Но он не понял. Вошёл в комнату и присел на корточки возле стола, сложив на краю длинные тощие руки. У него было загорелое, заострённой формы лицо, щёки и кисти рук покрывала россыпь ярких веснушек. Выдающиеся кости запястий выглядывали из-под тяжёлых манжет профессионального одеяния. Головной убор, весь в золотистых кристаллах, прикрывал рыжие волосы.

— Слышал, ты возглавляешь группу, которая занимается новыми праведниками.

Эмилия вздохнула и откинулась на стуле.

— Похоже на то. — Она сложила руки на груди и повернула голову в его сторону. — Нужна работа?

— Разыгрываешь меня? — Глаза Пьяты широко распахнулись от удивления. Их радужная оболочка была странного цвета — оттенка потускневшего золота. Эмилия подумала, что она модифицирована, возможно, какое-то домашнее варево, сработавшее не совсем так, как надо. — Ты сорвала джекпот.

— Больше никаких джекпотов в Эразмусе нет, Пьята. Тебе это известно.

Ничто не могло согнать с лица его наглую усмешку.

— Есть. Если твой долг оказывается погашенным.

— Что?

— Ты свободна от долгов, тебе выпадает шанс.
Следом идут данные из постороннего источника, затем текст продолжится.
Section Extension.
Context {K : TwoCat} {P Q : ob K} (N M S : Span K P Q) (DF : is_discrete_fibration S).
Context (i : hom (sp_head N) (sp_head M)) (r : hom (sp_head M) (sp_head N))
  (σ : cell (i ⊚ r) (id1 (sp_head M))).
Hypotheses (i_map : is_span_map N M i) (r_i : r ⊚ i = id1 (sp_head N))
  (σ_d : cheq (lwhisk (sp_d M) σ) (id2 (sp_d M))) (σ_i : cheq (rwhisk σ i) (id2 i)).
Local Notation AX := (tc_ax K).

Lemma dfib_extension_unique (h h' : hom (sp_head M) (sp_head S)) :
  is_span_map M S h -> is_span_map M S h' -> h ⊚ i = h' ⊚ i -> h = h'.
Proof.
move=> [hd hc] [h'd h'c] Ehi; rewrite -(ax_idr AX h) -(ax_idr AX h').
apply: (dfib_cell_codomain_unique S DF (lwhisk h σ) (lwhisk h' σ)).
- by rewrite !(ax_assoc AX) Ehi.
- by exists (sp_d M); rewrite /cheq lwhisk_lwhisk (lwhisk_eq _ hd) σ_d.
- by exists (sp_d M); rewrite /cheq lwhisk_lwhisk (lwhisk_eq _ h'd) σ_d.
- by rewrite /cheq !lwhisk_lwhisk (lwhisk_eq _ hc) (lwhisk_eq _ h'c).
Qed.

Lemma dfib_extension_exists (k : hom (sp_head N) (sp_head S)) :
  is_span_map N S k -> exists h, is_span_map M S h /\ h ⊚ i = k.
Proof.
case=> kd kc; case: (i_map) => i_d i_c.
have c_kr : sp_c M ⊚ (i ⊚ r) = sp_c S ⊚ (k ⊚ r).
  by rewrite !(ax_assoc AX) i_c kc.
case: DF => _ [clift _].
have [h [vb [[[x dvb] cvb] _]]] :=
  clift _ (k ⊚ r) _ (ccast c_kr eq_refl (lwhisk (sp_c M) σ)).
case: (cheq_boundary dvb) (cheq_boundary cvb) => Ex Ex' [_ Ec].
exists h; split; [split|].
- by rewrite Ex' -Ex (ax_assoc AX) kd -i_d -(ax_assoc AX) (proj1 (cheq_boundary σ_d)).
- by rewrite Ec (ax_idr AX).
- rewrite -[RHS](ax_idr AX) -r_i (ax_assoc AX).
  apply: (dfib_cell_endpoints_eq S DF (rwhisk vb i)).
  + by exists (x ⊚ i); rewrite /cheq lwhisk_rwhisk (rwhisk_cheq _ dvb) rwhisk_id.
  + exists (sp_c M ⊚ i).
    by rewrite /cheq lwhisk_rwhisk (rwhisk_cheq _ cvb) (rwhisk_cheq _ (cheq_ccast _ _ _))
      -lwhisk_rwhisk (lwhisk_cheq _ σ_i) lwhisk_id.
Qed.

End Extension.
Можешь даже уехать.

Эмилия потёрла глаза. «У меня нет времени на пустую болтовню». Она сегодня практически ничего не ела и, хотя была привычна к этому, становилась раздражительной.

— О чём ты говоришь?

— Брам Раджандур.

— Что за Брам Раджандур?

— Брам Раджандур — это тот парень, который доставил на Госпиталь последнего праведника.

«А, теперь все ясно: ты просто насмехаешься надо мной».
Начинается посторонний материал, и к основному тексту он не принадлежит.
(* It holds that $$\mathrm{cl}\,\mathrm{conv}(P^B\setminus C)=\mathrm{cl}\,\mathrm{conv}(P^B\setminus T^C)=\mathrm{cl}\,\mathrm{conv}(P^B\setminus R^C).$$
   Context: Let $A\in\mathbb{R}^{m\times n}$ have full row rank, $b\in\mathbb{R}^m$, and $P=\{x\in\mathbb{R}^n_+ : Ax=b\}$. Let $C\subseteq\mathbb{R}^n$ be an open convex set. Fix a basis $B$ of $P$ with nonbasic set $N=\{1,\dots,n\}\setminus B$. Write $P=\{x: x_i=\bar b_i-\sum_{j\in N}\bar a_{ij}x_j\ (i\in B),\ x_j\ge0\ (j=1,\dots,n)\}$ with $\bar b\ge0$. The basic solution $\bar x$ has $\bar x_i=\bar b_i$ ($i\in B$) and $\bar x_i=0$ ($i\in N$). $P^B$ is obtained by dropping $x_i\ge0$ for $i\in B$. For $j\in N$, $\bar r^j$ has $\bar r^j_k=-\bar a_{kj}$ ($k\in B$), $\bar r^j_j=1$, and $\bar r^j_k=0$ otherwise. Thus $P^B=\{\bar x+\sum_{j\in N}x_j\bar r^j:x_j\ge0\}$. It is assumed that $\bar x\notin\mathrm{cl}(C)$. For $j\in N$, $\alpha_j=\inf\{\lambda\ge0:\bar x+\lambda\bar r^j\in C\}$ and $\beta_j=\sup\{\lambda\ge0:\bar x+\lambda\bar r^j\in C\}$, with $\alpha_j=+\infty$, $\beta_j=-\infty$ if that halfline misses $C$. The set $N$ is partitioned into - $N_0=\{j:\alpha_j=+\infty,\beta_j=-\infty\}$, - $N_1=\{j:\alpha_j\in(0,\infty),\beta_j=+\infty\}$, - $N_2=\{j:\alpha_j\in(0,\infty),\beta_j\in(\alpha_j,\infty)\}$. For a set $K$, $\mathrm{recc}(K)=\{d:x+\lambda d\in K\ \forall x\in K,\lambda\ge0\}$. Define - $T=\{\bar x\}+\mathrm{conv}\big(\bigcup_{j\in N_1\cup N_2}\{\lambda\bar r^j:\alpha_j<\lambda<\beta_j\}\big)$ and $T^C=T+\mathrm{recc}(C)$; - $R=\{\bar x\}+\mathrm{conv}\big(\bigcup_{j\in N_1}\{\lambda\bar r^j:\alpha_j<\lambda<\beta_j\}\big)$ and $R^C=R+\mathrm{recc}(C)$. Here $\mathrm{cl}\,\mathrm{conv}$ denotes the closure of the convex hull. *)

(* Points of R^n are column vectors 'cV[R]_n,
   with the (product/sup-norm) topology of matrix_normedtype. *)
From HB Require Import structures.
From mathcomp Require Import all_boot all_order all_algebra.
From mathcomp Require Import all_classical all_reals all_analysis.
Set Implicit Arguments. Unset Strict Implicit. Unset Printing Implicit Defensive.
Import Order.TTheory GRing.Theory Num.Theory numFieldNormedType.Exports.
Local Open Scope classical_set_scope.
Local Open Scope ring_scope.

Section Defs.
Variable R : realType.

Definition is_convex {n : nat} (S : set 'cV[R]_n) : Prop :=
  forall x y (t : R), S x -> S y -> 0 <= t -> t <= 1 -> S (t *: x + (1 - t) *: y).

Definition convhull {n : nat} (S : set 'cV[R]_n) : set 'cV[R]_n :=
  [set x | exists (k : nat) (p : 'I_k -> 'cV[R]_n) (w : 'I_k -> R),
     [/\ forall i, S (p i), forall i, 0 <= w i, \sum_(i < k) w i = 1
       & x = \sum_(i < k) w i *: p i]].

Definition recc {n : nat} (K : set 'cV[R]_n) : set 'cV[R]_n :=
  [set d | forall x (l : R), K x -> 0 <= l -> K (x + l *: d)].

Definition msum {n : nat} (S T : set 'cV[R]_n) : set 'cV[R]_n :=
  [set x + y | x in S & y in T].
— У нас здесь никогда не было ни одного праведника.

— Да ну?

Эмилия с трудом держала себя в руках.

— Послушай, или выражайся яснее, или уходи.

— Брам Раджандур. Поищи его. — Пьята поднялся с корточек и постучал по краю экрана. — Он публично освобождён от всех долгов и сейчас получает реальную зарплату.

Эмилия посмотрела на экран и на свой отчёт.

— Уходи, Пьята.

— Ладно. Ладно. — Он вскинул руки и попятился. — Ухожу.

Эмилия даже не взглянула ему вслед. Она прокрутила вниз файл со своей работой. Гора канцелярщины и регистрационных записей. Можно, пожалуй, и опоздать в кафетерий к часу, когда предоставляются скидки. Она вздохнула и вернулась к своим отчётам, затем взглянула на отрицательный итог и вздохнула снова, обеими руками откидывая назад волосы.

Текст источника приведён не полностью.